By the end of the memoir, Murnick is able to recognize Ellerin’s status as “The Hot One” as just another of the many arbitrary designations (the hot one, the smart one, the good girl) that inform how men treat us. The authors of Stay Sexy and Don’t Get Murdered make a similar acknowledgment—“We run around making ourselves miserable and insane trying to be the Best One, when we should really be aiming to become Our True Selves,” Kilgariff writes. This is from a part of the book that’s more self-helpy, (in fact Kilgariff confesses that this line comes from her therapist) and represents, in a nutshell, Hardstark and Kilgariff’s signature blend of true crime mixed with self-advocacy. Living a lie won’t make you happy—and no amount of appealing to the aforementioned categories will prevent violent crime. Murderers gonna murder.
Though the late Michelle McNamara, in I’ll Be Gone in the Dark, does not have as intimate a connection to the subject of her investigation as the other authors discussed here, there is an undeniable personal connection and narrative running through the author’s quest to identify the Golden State Killer, captured soon after the book’s publication in the wake of McNamara’s untimely death in 2016. Like the MFM women, McNamara writes of her childhood interest in true crime, having grown up in in the shadow of a young woman’s unsolved murder in the suburbs of Chicago.
“I love reading true crime, but I’ve always been aware of the fact that, as a reader, I am actively choosing to be a consumer of someone else’s tragedy,” she writes. “So like any responsible consumer, I try to be careful in the choices I make. I read only the best: writers who are dogged, insightful, and humane.” One could surmise that McNamara’s own writing could be described using these words.

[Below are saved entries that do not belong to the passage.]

Section PseudoReduction.
Variables (n : nat) (F : fieldType) (D : nat) (R : {mpoly F[n]} -> {mpoly F[n]}).
Hypothesis R_linear : forall c p q, R (c *: p + q) = c *: R p + R q.
Hypothesis R_mulX : forall i m, (mdeg m <= D - 1)%N -> R ('X_i * 'X_[m]) = R ('X_i * R 'X_[m]).

HB.instance Definition _ := GRing.isLinear.Build F {mpoly F[n]} {mpoly F[n]} _ R R_linear.

Lemma red_mulX i r : (msize r <= D)%N -> R ('X_i * r) = R ('X_i * R r).
Proof.
move=> r_le; rewrite [in LHS](mpolyE r) [in RHS](mpolyE r) linear_sum !big_distrr /=.
rewrite !linear_sum; apply: eq_big_seq => m m_supp /=.
by rewrite linearZ -!scalerAr !linearZ /= R_mulX //; have := msize_mdeg_lt m_supp; lia.
Qed.

Lemma red_mulXm_eq0 m r : R r = 0 -> (mdeg m + msize r <= D.+1)%N -> R ('X_[m] * r) = 0.
Proof.
move=> r0; have := erefl (mdeg m); move: {2}(mdeg m) => d.
elim: d m => [|d IH] m m_deg D_le.
  by move/eqP: m_deg; rewrite mdeg_eq0 => /eqP ->; rewrite mpolyX0 mul1r.
rewrite m_deg in D_le; have [i [m' -> m'_deg]] := mdegS_split m_deg.
rewrite mpolyXD -mulrA red_mulX; first by rewrite IH ?mulr0 ?linear0 //; lia.
by rewrite (leq_trans (msizeM_le_pred _ _)) // msizeX addSn /= m'_deg -ltnS -addSn.
Qed.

By bearing witness to these women’s murders, we in turn bear witness to their lives before they were tragically cut short.One could also posit that the way these authors position the murders they write about as integral to the formation of their personalities and lives is a key audience driver. Regardless of whether it’s someone known to the author, as with Murnick, or an overarching true crime obsession stemming from childhood, like McNamara and Hardstark, these crimes are inextricable from women’s experiences because gendered violence is inextricable from women’s experiences. Conversely, McNamara’s meticulous and clinical narration of the Golden State Killer’s crimes proves that women don’t have to spill our proverbial guts to be successful crime writers. (And, notably, it proves that we can solve crimes.)

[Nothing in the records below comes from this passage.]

Lemma noetherian_ind (P : (A -> Prop) -> Prop) :
  (forall C, ideal C ->
    (forall C', ideal C' -> C `<=` C' -> (exists2 x, C' x & ~ C x) -> P C') -> P C) ->
  forall C, ideal C -> P C.
Proof.
move=> H C0 hC0; apply: contrapT => hP0.
pose T := {C : A -> Prop | ideal C /\ ~ P C}.
have step (u : T) : {u' : T | sval u `<=` sval u' /\ exists2 x, sval u' x & ~ sval u x}.
  case: u => C [hC hP]; apply: cid; apply: contrapT => hno.
  apply: (hP); apply: H => // C' hC' hCC' hx.
  by apply: contrapT => hP'; apply: hno; exists (exist _ C' (conj hC' hP')).
pose J n := sval (iter n (fun u : T => sval (step u)) (exist _ C0 (conj hC0 hP0))).
have hJS n : J n `<=` J n.+1 /\ exists2 x, J n.+1 x & ~ J n x.
  by rewrite /J /=; case: (step _) => u' hu'.
have hJ n : ideal (J n) by rewrite /J; case: (iter n _ _) => u [].
have [n hn] := ascending_chain_stationary hJ (fun n => (hJS n).1).
by have [x hx hxn] := (hJS n).2; apply: hxn; apply: hn.
Qed.

End NoetherianInduction.

Lemma mem_skip_nth (T : eqType) (x0 u : T) (s : seq T) i : (i < size s)%N -> u \in s ->
  u \in take i s ++ drop i.+1 s \/ u = nth x0 s i.
Proof.
move=> hi; rewrite -{1}(cat_take_drop i s) (drop_nth x0 hi) mem_cat inE.
case/orP => [h | /orP [/eqP -> | h]]; [left | by right | left]; by rewrite mem_cat h ?orbT.
Qed.

Lemma skip_nth_sub (T : eqType) (u : T) (s : seq T) i : u \in take i s ++ drop i.+1 s -> u \in s.
Proof. by rewrite mem_cat => /orP [/mem_take | /mem_drop]. Qed.

Lemma size_skip_nth (T : Type) (s : seq T) i :
  (i < size s)%N -> size (take i s ++ drop i.+1 s) = (size s).-1.
Proof.
move=> hi; rewrite size_cat size_take hi size_drop.
by move: hi; case: (size s) => // n; rewrite ltnS subSS => /subnKC.
Qed.

Section LocalRing.
Variables (A : comNzRingType) (M : A -> Prop).
Hypotheses (ideal_M : ideal M) (M_neq1 : ~ M 1).
Hypothesis unit_notin_M : forall x, ~ M x -> exists y, x * y = 1.
Implicit Types (C D E F I J K L S : A -> Prop) (a b c m x y z : A).
Local Notation "''M^' n" := (ideal_pow M n%N) (at level 8, n at level 2, format "''M^' n").

Lemma ideal_pow_ideal n : ideal 'M^n.
Proof. by elim: n => [|n IH] //=; apply: ideal_prod. Qed.

Lemma ideal_powS n x y : M x -> 'M^n y -> 'M^n.+1 (x * y).
Proof. exact: prod_ideal_mul. Qed.

Lemma ideal_pow1 z : M z <-> 'M^1 z.
Proof.
split=> [h | [l [h ->]]]; first by rewrite -[z]mulr1; apply: ideal_powS.
by apply: ideal_sum => // p /h [hp _] _; exact: idealMl.
Qed.

Lemma ideal_pow_mul i j x y : 'M^i x -> 'M^j y -> 'M^(i + j) (x * y).
Proof.
elim: i x => [|i IH] x /=; first by move=> _ hy; apply: idealM => //; apply: ideal_pow_ideal.
move=> [l [h ->]] hy; rewrite mulr_suml; apply: ideal_sum => [|p /h [hp1 hp2] _].
  exact: (ideal_pow_ideal (i.+1 + j)).
by rewrite -mulrA; apply: ideal_powS => //; apply: IH.
Qed.

Lemma ideal_pow_anti i j : (i <= j)%N -> 'M^j `<=` 'M^i.
Proof.
move=> /subnK <-; elim: (j - i)%N => [|k IH] z; first by rewrite add0n.
rewrite addSn => -[l [h ->]]; apply: IH; apply: ideal_sum => [|p /h [_ ?] _].
  exact: ideal_pow_ideal.
by apply: idealM => //; apply: ideal_pow_ideal.
Qed.

Lemma prod_ideal_pow (F : nat -> A) (i k : nat) : (forall j, (i <= j < i + k)%N -> M (F j)) ->
  'M^k (\prod_(i <= j < i + k) F j).
Proof.
elim: k => [|k IH] hF //; rewrite addnS big_nat_recr ?leq_addr //= mulrC.
apply: ideal_powS; first by apply: hF; rewrite leq_addr addnS ltnS /=.
by apply: IH => j /andP [ij jik]; apply: hF; rewrite ij addnS ltnW.
Qed.

Lemma proper_ideal_sub_max I : ideal I -> ~ I 1 -> I `<=` M.
Proof.
move=> hI hI1 x hx; apply: contrapT => /unit_notin_M [y hy].
by apply: hI1; rewrite -hy; apply: idealMl.
Qed.

Lemma unit_notin_max x y : x * y = 1 -> ~ M x.
Proof. by move=> h hx; apply: M_neq1; rewrite -h; apply: idealMl. Qed.

(* [b M ⊆ C]: the class of [b] lies in the socle of [A/C]. *)
Definition socle_mod C b := forall m, M m -> C (b * m).

(* [simple_chain C D n]: a composition series of length [n] from [C] up to [D],
   each step adjoining an element of the socle of the previous quotient. *)
Inductive simple_chain C : (A -> Prop) -> nat -> Prop :=
| simple_chain0 : simple_chain C C 0
| simple_chainS D b n : simple_chain C D n -> ~ D b -> socle_mod D b ->
    simple_chain C (adjoin D b) n.+1.

Inductive strict_chain E : (A -> Prop) -> nat -> Prop :=
| strict_chain0 : strict_chain E E 0
| strict_chainS F G n : strict_chain E F n -> ideal G -> F `<=` G ->
    (exists2 x, G x & ~ F x) -> strict_chain E G n.+1.

Lemma simple_chain_cat C D E i j :
  simple_chain C D i -> simple_chain D E j -> simple_chain C E (i + j).
Proof.
move=> hCD; elim=> [|E' b j' _ IH hb hbM]; first by rewrite addn0.
by rewrite addnS; apply: simple_chainS.
Qed.

Lemma simple_chain_sub C D n : simple_chain C D n -> C `<=` D.
Proof. by elim=> [|D' b n' _ IH _ _] z // /IH; apply: adjoin_sub. Qed.

Lemma simple_chain_ideal C D n : ideal C -> simple_chain C D n -> ideal D.
Proof. by move=> hC; elim=> // D' b n' _ IH _ _; apply: ideal_adjoin. Qed.

Lemma simple_chain_strict C D n : ideal C -> simple_chain C D n -> strict_chain C D n.
Proof.
move=> hC; elim=> [|D' b n' h IH hb _]; first exact: strict_chain0.
have hD := simple_chain_ideal hC h.
apply: (strict_chainS IH); [exact: ideal_adjoin | exact: adjoin_sub |].
by exists b => //; apply: adjoin_mem.
Qed.

Lemma strict_chain_sub E F n : strict_chain E F n -> E `<=` F.
Proof. by elim=> [|F' G n' _ IH _ hFG _] z // /IH /hFG. Qed.

Lemma strict_chain_ideal E F n : ideal E -> strict_chain E F n -> ideal F.
Proof. by move=> hE; elim. Qed.

Lemma strict_chain_witness E F n :
  strict_chain E F n -> (0 < n)%N -> exists2 x, F x & ~ E x.
Proof.
case=> // F0 G n0 h _ _ [x hx hxF] _; exists x => // /(strict_chain_sub h).
exact: hxF.
Qed.

Lemma adjoin_socle_cases D b L : ideal D -> socle_mod D b -> ideal L ->
  D `<=` L -> L `<=` adjoin D b -> L `<=` D \/ adjoin D b `<=` L.
Proof.
move=> hD hbM hL hDL hLD.
have [[x hx hxD]|/forallPNP hno] := pselect (exists2 x, L x & ~ D x); last first.
  by left => z /hno /contrapT.
right; have [d [a [hd hxe]]] := hLD x hx.
have [a' ha'] : exists a', a * a' = 1.
  apply: unit_notin_M => haM; apply: hxD; rewrite hxe.
  by apply: idealD => //; rewrite mulrC; apply: hbM.
have hbL : L b.
  have -> : b = a' * (x - d) by rewrite hxe [d + _]addrC addrK mulrA [a' * a]mulrC ha' mul1r.
  by apply: idealM => //; apply: idealB => //; apply: hDL.
by move=> z [d0 [c [hd0 ->]]]; apply: idealD => //; [apply: hDL | apply: idealM].
Qed.

Lemma strict_step_cap D b F G x : ideal D -> socle_mod D b -> ideal F -> ideal G ->
  F `<=` G -> G `<=` adjoin D b -> G x -> ~ F x -> G `&` D `<=` F -> F `<=` D /\ ~ G `<=` D.
Proof.
move=> hD hbM hF hG hFG hGD hGx hFx hGDF.
pose L := add_ideal F D.
have hxL : ~ L x.
  move=> [f [d [hf hd hxe]]]; apply: hFx; rewrite hxe; apply: idealD => //.
  apply: hGDF; split => //.
  have -> : d = x - f by rewrite hxe [f + _]addrC addrK.
  by apply: idealB => //; apply: hFG.
have hLD : L `<=` adjoin D b.
  move=> _ [f [d [hf hd ->]]]; apply: idealD; [exact: ideal_adjoin | exact: hGD _ (hFG _ hf) |].
  exact: adjoin_sub.
have [hLsD|hDbL] := adjoin_socle_cases hD hbM (ideal_add hF hD) (add_ideal_subr hF) hLD.
  by split=> [z hz | hGsD]; [apply/hLsD/add_ideal_subl | apply/hxL/add_ideal_subr/hGsD].
by case: hxL; apply/hDbL/hGD.
Qed.

Lemma strict_chain_setI D b E F n : ideal D -> ideal E -> socle_mod D b ->
  strict_chain E F n -> F `<=` adjoin D b ->
  exists k, [/\ strict_chain (E `&` D) (F `&` D) k, (n <= k.+1)%N & (F `<=` D -> (n <= k)%N)].
Proof.
move=> hD hE hbM h; elim: h => [|F0 G n0 h IH hG hFG [x hGx hFx]] hsub.
  by exists 0%N; split => //; apply: strict_chain0.
have [k [hk hn1 hn2]] := IH (fun z hz => hsub z (hFG z hz)).
have [[y [hyG hyD] hyF]|/forallPNP hno] := pselect (exists2 y, G y /\ D y & ~ F0 y).
  exists k.+1; split => // [|hGD]; last by apply: hn2 => z /hFG /hGD.
  apply: (strict_chainS hk); first exact: ideal_setI.
    by move=> z [h1 h2]; split => //; apply: hFG.
  by exists y => // -[].
have hGDF : G `&` D `<=` F0 by move=> z [h1 h2]; exact: contrapT (hno z (conj h1 h2)).
have [hF0D hGD] := strict_step_cap hD hbM (strict_chain_ideal hE h) hG hFG hsub hGx hFx hGDF.
have -> : G `&` D = F0 `&` D.
  by apply/predeqP => z; split=> [[h1 h2] | [h1 h2]]; split => //; [apply: hGDF | apply: hFG].
by exists k; split => //; apply: hn2.
Qed.

Lemma strict_chain_le_simple C D k : simple_chain C D k -> ideal C ->
  forall E F n, strict_chain E F n -> ideal E -> C `<=` E -> F `<=` D -> (n <= k)%N.
Proof.
elim=> [|D' b k0 h IH hb hbM] hC E F n hEF hE hCE hFD.
  case: n hEF => // n /strict_chain_witness [//|x hx hxE].
  by case: hxE; apply/hCE/hFD.
have [k1 [hk hn1 _]] := strict_chain_setI (simple_chain_ideal hC h) hE hbM hEF hFD.
apply: leq_trans hn1 _; rewrite ltnS; apply: IH hk _ _ _ => //.
  exact: ideal_setI (simple_chain_ideal hC h).
by move=> z hz; split; [apply: hCE | apply: simple_chain_sub h _ hz].
Qed.

Section QuotientExponent.
Variables (B : comNzRingType) (f : {rmorphism A -> B}).
Implicit Types (u w : B).

Definition image_max : B -> Prop := fun u => exists2 a, M a & f a = u.

Lemma ideal_pow_image n a : 'M^n a -> ideal_pow image_max n (f a).
Proof.
elim: n a => [|n IH] a //= [l [h ->]].
exists [seq (f p.1, f p.2) | p <- l]; split.
  by move=> q /mapP [p /h [hp1 hp2] ->]; split; [exists p.1 | apply: IH].
by rewrite rmorph_sum big_map; apply: eq_bigr => p _; rewrite rmorphM.
Qed.

Hypothesis f_surj : forall u, exists a, f a = u.

Lemma ideal_pow_preimage n u : ideal_pow image_max n u -> exists2 a, 'M^n a & f a = u.
Proof.
elim: n u => [|n IH] u /=; first by have [a ha] := f_surj u; exists a.
move=> [l [h ->]]; elim: l h => [|p l IHl] h.
  by exists 0; rewrite ?big_nil ?rmorph0 //; apply: (ideal0 (ideal_pow_ideal n.+1)).
have [[a1 ha1 e1] /IH [a2 ha2 e2]] := h p (mem_head _ _).
have [a' ha' e'] : exists2 a, 'M^n.+1 a & f a = \sum_(j <- l) j.1 * j.2.
  by apply: IHl => q hq; apply: h; rewrite inE hq orbT.
exists (a1 * a2 + a'); last by rewrite big_cons rmorphD rmorphM e1 e2 e'.
by apply: (idealD (ideal_pow_ideal n.+1)) => //; apply: ideal_powS.
Qed.

Variable I : A -> Prop.
Hypotheses (idealI : ideal I) (I_neq1 : ~ I 1) (f_ker : forall a, f a = 0 <-> I a).

Lemma local_image_max : local_ring image_max.
Proof.
split; [split; [|split] | split].
- by exists 0; rewrite ?rmorph0 //; apply: ideal0.
- by move=> _ _ [a ha <-] [a' ha' <-]; exists (a + a'); rewrite ?rmorphD //; apply: idealD.
- move=> c _ [a ha <-]; have [c' <-] := f_surj c.
  by exists (c' * a); rewrite ?rmorphM //; apply: idealM.
- move=> [a haM hfa]; have hIa : I (1 - a) by apply/f_ker; rewrite rmorphB rmorph1 hfa subrr.
  apply: M_neq1; rewrite -(subrK a 1); apply: idealD => //.
  exact: proper_ideal_sub_max idealI I_neq1 _ hIa.
- move=> u hu; have [a ha] := f_surj u.
  have [a' ha'] : exists a', a * a' = 1 by apply: unit_notin_M => haM; apply: hu; exists a.
  by exists (f a'); rewrite -ha -rmorphM ha' rmorph1.
Qed.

Previously victims of gendered violence suffered alone. If we were infamous enough to become a Nicole Brown Simpson, a Sharon Tate or, indeed, an Ashley Ellerin—notably all white and from well-off backgrounds—it was the men we were connected to; the male detectives and lawyers who narrated our trauma; and patriarchal news cycle and white man-fronted true crime genre telling our stories. Without Ellerin’s connection to Kutcher, it’s likely her murder would have been forgotten, like so many others, by virtue of her history in sex work. The accessibility of podcasts allows us to be able to tell our own stories; the expanding of the genre into Netflix and publishing means people are consuming these stories to a profitable level. And most of these people are women.

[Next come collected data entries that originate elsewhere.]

(* Let T x = x + x ^+ q be the trace onto the fixed field Fq of x |-> x ^+ q and
   L u = u ^+ 4 + C * u ^+ 2 + D * u ([linp]), an additive map preserving Fq.
   For u = T x one finds T (P x) + B = A * L u, so P^-1 y = y + b * (delta + u) ^+ 6
   as soon as u is recovered from A * L u; injectivity of P makes L injective on Fq.
   Split the coefficients of M z = \sum_i c_i * z ^+ 2 ^ i ([Mpoly]) into a part
   built from S_(m-1-i) and a part built from S_i. Thanks to the recurrence
   S_(k+1) = C S_k^2 + D^2 S_(k-1)^4, L (M z) telescopes to D * N * z on Fq, with
   N = S_m + D * S_(m-1)^2 ([Mfactor]) and N^2 = N.
   If N were 0, M would vanish on Fq, hence have zero coefficients (its degree is
   below q); this forces S_(m-1) = 0 and S_m = 1, and then L kills the second part
   of M, whose coefficient of z is 1, a contradiction. So N = 1 and M inverts
   A * L on Fq. *)

Definition fixed_pow (F : fieldType) (n : nat) : {pred F} := [pred x | x ^+ n == x].

Lemma fixed_powP (F : fieldType) n (x : F) : reflect (x ^+ n = x) (x \in fixed_pow F n).
Proof. by rewrite inE; apply: eqP. Qed.

Set Implicit Arguments.
Unset Strict Implicit.
Unset Printing Implicit Defensive.

Section PowersOfTwo.
Variable R : pzRingType.

Lemma exp2S (x : R) j : x ^+ (2 ^ j.+1) = x ^+ (2 ^ j) ^+ 2.
Proof. by rewrite expnSr exprM. Qed.

Lemma exp2SS (x : R) j : x ^+ (2 ^ j.+2) = x ^+ (2 ^ j) ^+ 4.
Proof. by rewrite !exp2S -exprM. Qed.

Lemma expr0n_exp2 j : (0 : R) ^+ (2 ^ j) = 0.
Proof. by rewrite expr0n expn_eq0. Qed.

End PowersOfTwo.

Section FrobeniusPower.
Variables (F : fieldType) (p : nat).
Hypothesis pcharFp : p \in [pchar F].

Lemma pchar_natX k : [pchar F].-nat (p ^ k)%N.
Proof. by rewrite pnatX pnatE ?(pcharf_prime pcharFp) ?pcharFp. Qed.

Lemma exprD_pcharX k (x y : F) : (x + y) ^+ (p ^ k) = x ^+ (p ^ k) + y ^+ (p ^ k).
Proof. exact/exprDn_pchar/pchar_natX. Qed.

Lemma fixed_pow_divring_closed k : divring_closed (fixed_pow F (p ^ k)).
Proof.
split=> [|x y|x y]; rewrite !inE ?expr1n //= => /eqP xP /eqP yP.
  by rewrite exprD_pcharX exprNn_pchar ?pchar_natX // xP yP.
by rewrite exprMn exprVn xP yP.
Qed.

End FrobeniusPower.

Murnick repeatedly uses the phrase “the bear witness” throughout The Hot One. “Somehow I still felt it was my obligation to properly bear witness to it all,” she writes. That’s in effect what Murnick, McNamara, Hardstark, Kilgariff and all of these books, podcasts, docos and, by extension, women’s obsession with true crime at large are doing. By bearing witness to these women’s murders, we in turn bear witness to their lives before they were tragically cut short.